__Try it__. Print every line of the listing below, starting with the line that holds "(\sum_(I <- rowsI" and going on through the line that holds "End IncidenceMatrix.", both included, and print nothing else.

__Source material__.
=== Begin Enclosure ===
Lemma h_compl z : z \in S -> sigma z \notin T -> h z \in S'.
Proof. by move=> zS szT; rewrite pcmpE pi_compl // in_setD szT (perm_closed _ sigma_on). Qed.

Lemma g_eq_h_within x : orbit_within h T x -> forall z, fconnect h x z -> g z = h z.
Proof.
move=> /forallP x_in z xz; have zT : z \in T by apply: (implyP (x_in z)).
have hzT : h z \in T by apply: (implyP (x_in (h z))); apply: connect_trans xz (fconnect1 h z).
case szT: (sigma z \in T); first by rewrite h_eq_g.
by have := h_compl (supp_perm_on tau_on zT) (negbT szT); rewrite in_setD hzT.
Qed.

Lemma h_eq_g_within x : orbit_within g T x -> forall z, fconnect g x z -> h z = g z.
Proof.
move=> /forallP x_in z xz; apply: h_eq_g; rewrite -pcmp_supp.
by apply: (implyP (x_in (g z))); apply: connect_trans xz (fconnect1 g z).
Qed.

Lemma orbit_within_pcmp x : orbit_within h T x = orbit_within g T x.
Proof.
apply/idP/idP => x_in; first by rewrite (eq_orbit_within (g_eq_h_within x_in)).
by rewrite (eq_orbit_within (h_eq_g_within x_in)).
Qed.

Lemma prod_cycles_within (C : fieldType) N (Z : 'I_n -> 'M[C]_N) :
  (\prod_(x in S | cycmin h x && orbit_within h T x) trN (mxword Z (cycword h x)))%R =
  lambda sigma tau S Z.
Proof.
rewrite /lambda; apply: eq_big => [x | x /andP [_ /andP [_ x_in]]].
  rewrite -[X in _ = _ && (_ && X)]/(orbit_within g T x) -orbit_within_pcmp.
  case: (boolP (orbit_within h T x)) => x_in; rewrite ?andbF //.
  by rewrite (eq_cycmin_orbit (g_eq_h_within x_in)).
by rewrite (eq_cycword_orbit (g_eq_h_within x_in)).
Qed.

Lemma cycprod_supp_full (C : fieldType) N (Z : 'I_n -> 'M[C]_N) :
  S' = set0 -> cycprod h S Z = lambda sigma tau S Z.
Proof.
move=> S'0; rewrite /cycprod -prod_cycles_within; apply: eq_bigl => x.
case: (boolP (x \in S)) => //= xS; case: (cycmin h x) => //=; symmetry.
apply/forallP => y; apply/implyP => xy.
have yS : y \in S := fconnect_in h_closed xy xS.
by apply: contraT => yT; have := in_set0 y; rewrite -S'0 in_setD yT yS.
Qed.
(* Let $f=\sum_{J\in\mathbb{N}^n} a_J x^J$ be a nonzero real polynomial with all coefficients $a_J\in\{0,1\}$, let $\mathcal{M}$ be the set of exponent vectors $P$ with $a_P=1$, and fix an integer $k\ge 0$. Let $M$ be the matrix whose rows are indexed by the vectors $I\in\{0,1\}^n$ with $|I|=k$, whose columns are indexed by the finitely many $J\in\mathbb{N}^n$ such that $I+J\in\mathcal{M}$ for some such $I$, and whose entries are $M_{I,J}=a_{I+J}$. Let $B=M^T M$. Then $$\mathrm{Tr}(B^2)\leq |\mathcal{M}|^2\sum_{P \in \mathcal{M}} \binom{\sup(P)}{k}.$$
   Context: For $\alpha\in\mathbb{N}^n$, $x^\alpha = x_1^{\alpha_1}\cdots x_n^{\alpha_n}/(\alpha_1!\cdots\alpha_n!)$ (scaled monomial basis). For $I\in\{0,1\}^n$, $|I|=\sum_i I_i$. For $P\in\mathbb{N}^n$, $\sup(P)$ is the number of indices $i$ with $P_i>0$. *)

From HB Require Import structures.
From mathcomp Require Import all_boot all_order all_algebra.
From mathcomp Require Import mpoly.
Set Implicit Arguments. Unset Strict Implicit. Unset Printing Implicit Defensive.
Import Order.TTheory GRing.Theory Num.Theory.
Local Open Scope ring_scope.

(* Coefficient a_J of f in the scaled monomial basis x^J / (J_1! ... J_n!):
   f = sum_J f@_J * prod x_i^{J_i} = sum_J (J! f@_J) * (x^J / J!). *)
Definition scoef {R : realFieldType} {n : nat} (f : {mpoly R[n]}) (J : 'X_{1..n}) : R :=
  (\prod_(i < n) (J i)`!)%N%:R * f@_J.

Definition Mset {R : realFieldType} {n : nat} (f : {mpoly R[n]}) : seq 'X_{1..n} :=
  [seq P <- msupp f | scoef f P == 1].

Definition bin_mnm {n : nat} (b : {ffun 'I_n -> bool}) : 'X_{1..n} :=
  [multinom (nat_of_bool (b i)) | i < n].

Definition rowsI (n k : nat) : seq 'X_{1..n} :=
  [seq I <- map (@bin_mnm n) (enum {ffun 'I_n -> bool}) | (mdeg I == k)%N].

Definition colsJ {R : realFieldType} {n : nat} (f : {mpoly R[n]}) (k : nat)
  : seq 'X_{1..n} :=
  undup [seq J <- [seq (P - Ir)%MM | P <- Mset f, Ir <- rowsI n k]
        | has (fun Ir => (Ir + J)%MM \in Mset f) (rowsI n k)].

Definition Mmat {R : realFieldType} {n : nat} (f : {mpoly R[n]}) (k : nat)
  : 'M[R]_(size (rowsI n k), size (colsJ f k)) :=
  \matrix_(i, j) scoef f (nth 0%MM (rowsI n k) i + nth 0%MM (colsJ f k) j)%MM.

Definition msup {n : nat} (P : 'X_{1..n}) : nat := #|[set i : 'I_n | (0 < P i)%N]|.

From HB Require Import structures.
From mathcomp Require Import all_boot all_order all_algebra.
From mathcomp Require Import mpoly.
Import Order.TTheory GRing.Theory Num.Theory.

(* M is a 0/1 matrix whose row and column sums are at most m = |M|, because
   I + J in M determines J from I and I from J.  Hence every entry of B = M^T M
   lies in [0, m], so Tr(B^2) = sum B_JL^2 <= m sum B_JL = m sum_I r_I^2
   <= m^2 sum_I r_I, where r_I are the row sums of M.  Finally the number
   sum_I r_I of ones in M is at most sum_P #{I | I <= P}, and a 0/1 vector
   I <= P of weight k is the indicator of a k-subset of the support of P. *)

Lemma sum_nat_of_bool (T : Type) (s : seq T) (a : pred T) :
  (\sum_(x <- s) (a x : nat))%N = count a s.
Proof. by elim: s => [|x s IH]; rewrite ?big_nil ?big_cons //= IH. Qed.

Lemma count_inj_mem_le (T U : eqType) (h : T -> U) (s : seq T) (S : seq U) :
  injective h -> uniq s -> (count (fun x => h x \in S) s <= size S)%N.
Proof.
move=> h_inj us; rewrite -size_filter -(size_map h).
apply: uniq_leq_size; first by rewrite map_inj_uniq ?filter_uniq.
by move=> y /mapP [x]; rewrite mem_filter => /andP [hx _] ->.
Qed.

Lemma count_mem_uniq_sum (T U : eqType) (g : T -> U) (s : seq T) (S : seq U) :
  uniq S -> count (fun x => g x \in S) s = (\sum_(P <- S) count (fun x => g x == P) s)%N.
Proof.
move=> uS; rewrite -sum_nat_of_bool.
under eq_bigr => x _ do rewrite -(count_uniq_mem _ uS) -sum_nat_of_bool.
rewrite exchange_big; apply: eq_bigr => P _.
by rewrite -sum_nat_of_bool; apply: eq_bigr => x _; rewrite eq_sym.
Qed.

Section Multinomials.
Context {n : nat}.
Implicit Types (I J P : 'X_{1..n}) (r c S : seq 'X_{1..n}).

Lemma addm_eq I J P :
  ((I + J)%MM == P) = (I <= P)%MM && (J == (P - I)%MM).
Proof.
apply/eqP/andP => [<- | [leIP /eqP ->]]; last by rewrite addmC submK.
by rewrite lem_addr addmC addmK.
Qed.

Lemma count_addm_eq_le I P c :
  uniq c -> (count (fun J => (I + J)%MM == P) c <= (I <= P)%MM)%N.
Proof.
move=> uc; under eq_count => J do rewrite addm_eq.
case: (I <= P)%MM; last by rewrite count_pred0.
by rewrite (count_uniq_mem _ uc) leq_b1.
Qed.

(* Each P in S arises as I + J for at most one J per I, and only if I <= P. *)
Lemma sum_count_addm_mem_le r c S : uniq c -> uniq S ->
  (\sum_(I <- r) count (fun J => (I + J)%MM \in S) c <=
   \sum_(P <- S) count (fun I => (I <= P)%MM) r)%N.
Proof.
move=> uc uS; under eq_bigr => I _ do rewrite count_mem_uniq_sum //.
rewrite exchange_big; apply: leq_sum => P _.
rewrite -sum_nat_of_bool; apply: leq_sum => I _.
exact: count_addm_eq_le.
Qed.

Lemma bin_mnm_inj : injective (@bin_mnm n).
Proof.
move=> b b' eq_bb'; apply/ffunP => i.
have := congr1 (fun m : 'X_{1..n} => m i) eq_bb'; rewrite !mnmE.
by case: (b i); case: (b' i).
Qed.

Lemma rowsI_uniq k : uniq (rowsI n k).
Proof. by rewrite filter_uniq // map_inj_uniq ?enum_uniq //; apply: bin_mnm_inj. Qed.

Lemma mdeg_bin_mnm (b : {ffun 'I_n -> bool}) : mdeg (bin_mnm b) = #|[set i | b i]|.
Proof.
rewrite mdegE -sum1_card [RHS]big_mkcond /=.
by apply: eq_bigr => i _; rewrite mnmE inE; case: (b i).
Qed.

Lemma count_rowsI_le k P :
  (count (fun I => (I <= P)%MM) (rowsI n k) <= 'C(msup P, k))%N.
Proof.
rewrite count_filter count_map; set A := preim _ _.
have -> : count A (enum {ffun 'I_n -> bool}) = #|A|.
  by rewrite cardE enumT /enum_mem size_filter.
rewrite /msup -cards_draws.
rewrite -(@card_in_imset _ _ (fun b : {ffun 'I_n -> bool} => [set i | b i]) A).
  apply: subset_leq_card; apply/subsetP => _ /imsetP [b /andP [leP degk] ->].
  rewrite inE -mdeg_bin_mnm degk andbT; apply/subsetP => i; rewrite !inE => bi.
  by move/mnm_lepP: leP => /(_ i); rewrite mnmE bi.
by move=> b b' _ _ /setP eq_bb'; apply/ffunP => i; move: (eq_bb' i); rewrite !inE.
Qed.

End Multinomials.

Local Open Scope ring_scope.

Section GramTrace.
Context {R : numDomainType} {p q : nat} (a : 'M[R]_(p, q)) (m : R).
Hypothesis m_ge0 : 0 <= m.
Hypothesis a_ge0 : forall i j, 0 <= a i j.
Hypothesis a_le1 : forall i j, a i j <= 1.
Hypothesis row_sum_le : forall i, \sum_j a i j <= m.
Hypothesis col_sum_le : forall j, \sum_i a i j <= m.

Lemma gram_ge0 j l : 0 <= (a^T *m a) j l.
Proof. by rewrite mxE sumr_ge0 // => i _; rewrite mxE mulr_ge0. Qed.

Lemma gram_le j l : (a^T *m a) j l <= m.
Proof.
rewrite mxE; apply: le_trans (col_sum_le j); apply: ler_sum => i _.
by rewrite mxE -[leRHS]mulr1 ler_wpM2l.
Qed.

Lemma tr_gram_sq : \tr ((a^T *m a) *m (a^T *m a)) = \sum_j \sum_l (a^T *m a) j l ^+ 2.
Proof.
apply: eq_bigr => j _; rewrite mxE; apply: eq_bigr => l _.
rewrite expr2; congr (_ * _); rewrite !mxE; apply: eq_bigr => i _.
by rewrite !mxE mulrC.
Qed.

Lemma sum_gram : \sum_j \sum_l (a^T *m a) j l = \sum_i (\sum_j a i j) ^+ 2.
Proof.
under eq_bigr => j _ do under eq_bigr => l _ do rewrite mxE.
under eq_bigr => j _ do rewrite exchange_big.
rewrite exchange_big; apply: eq_bigr => i _.
rewrite expr2 big_distrl; apply: eq_bigr => j _.
by rewrite big_distrr; apply: eq_bigr => l _; rewrite mxE.
Qed.

Lemma tr_gram_sq_le : \tr ((a^T *m a) *m (a^T *m a)) <= m ^+ 2 * \sum_i \sum_j a i j.
Proof.
have gram_sq_le j l : (a^T *m a) j l ^+ 2 <= m * (a^T *m a) j l.
  by rewrite expr2 ler_wpM2r ?gram_ge0 ?gram_le.
have row_sq_le i : (\sum_j a i j) ^+ 2 <= m * \sum_j a i j.
  by rewrite expr2 ler_wpM2r ?row_sum_le ?sumr_ge0.
rewrite tr_gram_sq; apply: le_trans (_ : m * \sum_i (\sum_j a i j) ^+ 2 <= _).
  rewrite -sum_gram mulr_sumr; apply: ler_sum => j _.
  by rewrite mulr_sumr; apply: ler_sum => l _.
rewrite expr2 -mulrA ler_wpM2l // mulr_sumr; exact: ler_sum.
Qed.

End GramTrace.

Section IncidenceMatrix.
Context {R : realFieldType} {n : nat} (f : {mpoly R[n]}) (k : nat).
Hypothesis scoef01 : forall J : 'X_{1..n}, scoef f J = 0 \/ scoef f J = 1.

Lemma Mset_uniq : uniq (Mset f).
Proof. by rewrite filter_uniq // msupp_uniq. Qed.

Lemma scoef_Mset (J : 'X_{1..n}) : scoef f J = (J \in Mset f)%:R.
Proof.
rewrite mem_filter mcoeff_msupp.
case: (scoef01 J) => sJ; rewrite sJ; first by rewrite (eq_sym 0) oner_eq0.
suff -> : f@_J != 0 by rewrite eqxx.
by apply/eqP => fJ0; move: sJ; rewrite /scoef fJ0 mulr0 => /eqP; rewrite (eq_sym 0) oner_eq0.
Qed.

Lemma MmatE i j : Mmat f k i j =
  ((nth 0%MM (rowsI n k) i + nth 0%MM (colsJ f k) j)%MM \in Mset f)%:R.
Proof. by rewrite mxE scoef_Mset. Qed.

Lemma Mmat_ge0 i j : 0 <= Mmat f k i j.
Proof. by rewrite MmatE ler0n. Qed.

Lemma Mmat_le1 i j : Mmat f k i j <= 1.
Proof. by rewrite MmatE lern1 leq_b1. Qed.

Lemma Mmat_row_sum i : \sum_j Mmat f k i j =
  (count (fun J => (nth 0%MM (rowsI n k) i + J)%MM \in Mset f) (colsJ f k))%:R.
Proof.
under eq_bigr => j _ do rewrite MmatE.
by rewrite -sum_nat_of_bool natr_sum (big_nth 0%MM) big_mkord.
Qed.

Lemma Mmat_col_sum j : \sum_i Mmat f k i j =
  (count (fun I => (I + nth 0%MM (colsJ f k) j)%MM \in Mset f) (rowsI n k))%:R.
Proof.
under eq_bigr => i _ do rewrite MmatE.
by rewrite -sum_nat_of_bool natr_sum (big_nth 0%MM) big_mkord.
Qed.

Lemma Mmat_row_sum_le i : \sum_j Mmat f k i j <= (size (Mset f))%:R.
Proof.
rewrite Mmat_row_sum ler_nat; apply: count_inj_mem_le (undup_uniq _).
exact: addmI.
Qed.

Lemma Mmat_col_sum_le j : \sum_i Mmat f k i j <= (size (Mset f))%:R.
Proof.
rewrite Mmat_col_sum ler_nat; apply: count_inj_mem_le (rowsI_uniq _).
exact: addIm.
Qed.

Lemma Mmat_sum_le :
  \sum_i \sum_j Mmat f k i j <= (\sum_(P <- Mset f) 'C(msup P, k))%N%:R.
Proof.
have -> : \sum_i \sum_j Mmat f k i j =
    (\sum_(I <- rowsI n k) count (fun J => (I + J)%MM \in Mset f) (colsJ f k))%:R.
  by rewrite natr_sum (big_nth 0%MM) big_mkord; apply: eq_bigr => i _; rewrite Mmat_row_sum.
rewrite ler_nat; apply: leq_trans (sum_count_addm_mem_le _ _ _ (undup_uniq _) Mset_uniq) _.
by apply: leq_sum => P _; apply: count_rowsI_le.
Qed.

End IncidenceMatrix.

Theorem lemma3 (R : realFieldType) (n : nat) (f : {mpoly R[n]}) (k : nat)
  (hf0 : f != 0)
  (h01 : forall J : 'X_{1..n}, scoef f J = 0 \/ scoef f J = 1) :
  let B := (Mmat f k)^T *m Mmat f k in
  \tr (B *m B) <=
    ((size (Mset f)) ^ 2)%N%:R * (\sum_(P <- Mset f) 'C(msup P, k))%N%:R.
Proof.
cbv zeta; apply: le_trans (tr_gram_sq_le _ _ (ler0n _ _)
  (Mmat_ge0 _ _ h01) (Mmat_le1 _ _ h01)
  (Mmat_row_sum_le _ _ h01) (Mmat_col_sum_le _ _ h01)) _.
by rewrite natrX ler_wpM2l ?exprn_ge0 ?(Mmat_sum_le _ _ h01).
Qed.
Section Reconfiguration.
Variables (T : finType) (e : rel T) (P : {set {set T}}).
Hypothesis e_sym : symmetric e.
Hypothesis e_irr : irreflexive e.
Hypothesis P_part : partition P [set: T].
Hypothesis P_big : forall B, B \in P -> (2 * maxdeg e).+1 <= #|B|.

Local Notation blk := (pblock P).
Local Notation IT := (indep_transversal e P).
Implicit Types (A B C R S X Z : {set T}).

Lemma mem_pblockT x : x \in blk x.
Proof. by case/and3P: P_part => /eqP cover_P _ _; rewrite mem_pblock cover_P inE. Qed.

Lemma pblock_memT x : blk x \in P.
Proof. by case/and3P: P_part => /eqP cover_P _ _; rewrite pblock_mem ?cover_P ?inE. Qed.

Lemma pblock_eq B x : B \in P -> x \in B -> blk x = B.
Proof. exact/def_pblock/partition_trivIset/P_part. Qed.

Lemma nbhd_le_maxdeg x : #|nbhd e x| <= maxdeg e.
Proof. exact: (@leq_bigmax _ (degree e)). Qed.

Lemma nbhd_swap_sub u C c w : ~~ e u w ->
  nbhd e u :&: (w |: C :\ c) \subset (nbhd e u :&: C) :\ c.
Proof.
move=> nuw; apply/subsetP => v; rewrite !inE.
by case: (eqVneq v w) => [-> | _ /andP[-> /andP[-> ->]]]; rewrite ?(negbTE nuw).
Qed.

Lemma exists_nonadj (W X : {set T}) : #|X| * maxdeg e < #|W| ->
  exists2 w, w \in W & X \subset ~: nbhd e w.
Proof.
move=> ltXW; have /subsetPn[w wW wN] : ~~ (W \subset \bigcup_(x in X) nbhd e x).
  apply: contraTN ltXW => /subset_leq_card leW; rewrite -leqNgt (leq_trans leW) //.
  apply: leq_trans (leq_card_bigcup _ _) _; rewrite -sum_nat_const.
  by apply: leq_sum => x _; apply: nbhd_le_maxdeg.
exists w => //; apply/subsetP => x xX; rewrite !inE e_sym.
by apply: contra wN => exw; apply/bigcupP; exists x; rewrite ?inE.
Qed.

Lemma independentP S :
  reflect {in S &, forall x y, ~~ e x y} (independent e S).
Proof.
apply: (iffP forall_inP) => [indS x y xS yS | indS x xS].
  exact: (forall_inP (indS x xS)).
by apply/forall_inP => y; apply: indS.
Qed.

Lemma independentS A B : A \subset B -> independent e B -> independent e A.
Proof.
move=> /subsetP sAB /independentP indB.
by apply/independentP => x y /sAB xB /sAB; apply: indB.
Qed.

Lemma independentU A B : independent e A -> independent e B ->
  (forall x, x \in A -> B \subset ~: nbhd e x) -> independent e (A :|: B).
Proof.
move=> /independentP indA /independentP indB nAB.
have nxy x y : x \in A -> y \in B -> ~~ e x y.
  by move=> xA /(subsetP (nAB x xA)); rewrite !inE.
apply/independentP => x y /setUP[xA|xB] /setUP[yA|yB].
- exact: indA.
- exact: nxy.
- by rewrite e_sym; apply: nxy.
- exact: indB.
Qed.

Definition transversal S := [forall B in P, #|S :&: B| == 1].

Lemma transversalP S : reflect
  ({in S &, injective blk} /\ forall x, exists2 s, s \in S & blk s = blk x)
  (transversal S).
Proof.
apply: (iffP idP) => [trS | [injS coverS]].
  have trPS : is_transversal S P [set: T] by apply/and3P; split; rewrite ?subsetT.
  split=> [|x]; first exact: pblock_inj trPS.
  have : blk x \in blk @: S by rewrite (pblock_transversal trPS) pblock_memT.
  by case/imsetP=> s sS ->; exists s.
apply/forall_inP => B PB; have /set0Pn[x xB] := partition_neq0 P_part PB.
have [s sS blk_sx] := coverS x; apply/cards1P; exists s; apply/setP => t.
rewrite !inE -(pblock_eq PB xB) -blk_sx.
apply/andP/eqP => [[tS /(pblock_eq (pblock_memT s)) blk_ts] | ->].
  exact: injS.
by rewrite sS mem_pblockT.
Qed.

Lemma transversal_inj S : transversal S -> {in S &, injective blk}.
Proof. by case/transversalP. Qed.

Lemma transversal_cover S x : transversal S -> exists2 s, s \in S & blk s = blk x.
Proof. by case/transversalP=> _; apply. Qed.

Lemma card_transversal_eq S : transversal S -> #|S| = #|P|.
Proof.
move=> trS; apply: (@card_transversal _ _ _ [set: T]).
by apply/and3P; split; rewrite ?subsetT.
Qed.

Lemma transversal_eq R S : transversal R -> transversal S -> R :\: S = set0 -> R = S.
Proof.
move=> trR trS /eqP; rewrite setD_eq0 => sRS; apply/eqP.
by rewrite eqEcard sRS (card_transversal_eq trR) (card_transversal_eq trS) leqnn.
Qed.

Lemma transversal_swap S x y : transversal S -> x \in S -> blk y = blk x ->
  transversal (y |: S :\ x).
Proof.
case/transversalP=> injS coverS xS blk_yx; apply/transversalP; split=> [u v|z].
  have no_twin t : t \in S :\ x -> blk y = blk t -> False.
    case/setD1P=> tx tS; rewrite blk_yx => /(injS _ _ xS tS) xt.
    by rewrite xt eqxx in tx.
  move=> /setU1P[-> | uSx] /setU1P[-> | vSx] //.
  - by move/(no_twin _ vSx).
  - by move/esym/(no_twin _ uSx).
  - by apply: injS; [case/setD1P: uSx | case/setD1P: vSx].
have [s sS <-] := coverS z; have [-> | sx] := eqVneq s x.
  by exists y; rewrite ?setU11.
by exists s; rewrite // !inE sx sS orbT.
Qed.

Lemma transversal_mix (F : {set {set T}}) R S : transversal R -> transversal S ->
  transversal [set z | if blk z \in F then z \in S else z \in R].
Proof.
move=> /forall_inP trR /forall_inP trS; apply/forall_inP => B PB.
suff -> : [set z | if blk z \in F then z \in S else z \in R] :&: B =
          (if B \in F then S else R) :&: B by case: ifP => _; [apply: trS | apply: trR].
apply/setP => z; rewrite !inE.
have [zB | _] := boolP (z \in B); last by rewrite !andbF.
by rewrite (pblock_eq PB zB); case: ifP.
Qed.

Definition rg_edge S S' := [&& IT S, IT S' & RG_adj e P S S'].
Definition linked := connect rg_edge.

Lemma linked_sym S S' : linked S S' = linked S' S.
Proof.
by apply: sym_connect_sym => S1 S2; rewrite /rg_edge /RG_adj setUC andbCA.
Qed.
=== End Enclosure ===
__Task output__.
    (\sum_(I <- rowsI n k) count (fun J => (I + J)%MM \in Mset f) (colsJ f k))%:R.
  by rewrite natr_sum (big_nth 0%MM) big_mkord; apply: eq_bigr => i _; rewrite Mmat_row_sum.
rewrite ler_nat; apply: leq_trans (sum_count_addm_mem_le _ _ _ (undup_uniq _) Mset_uniq) _.
by apply: leq_sum => P _; apply: count_rowsI_le.
Qed.

End IncidenceMatrix.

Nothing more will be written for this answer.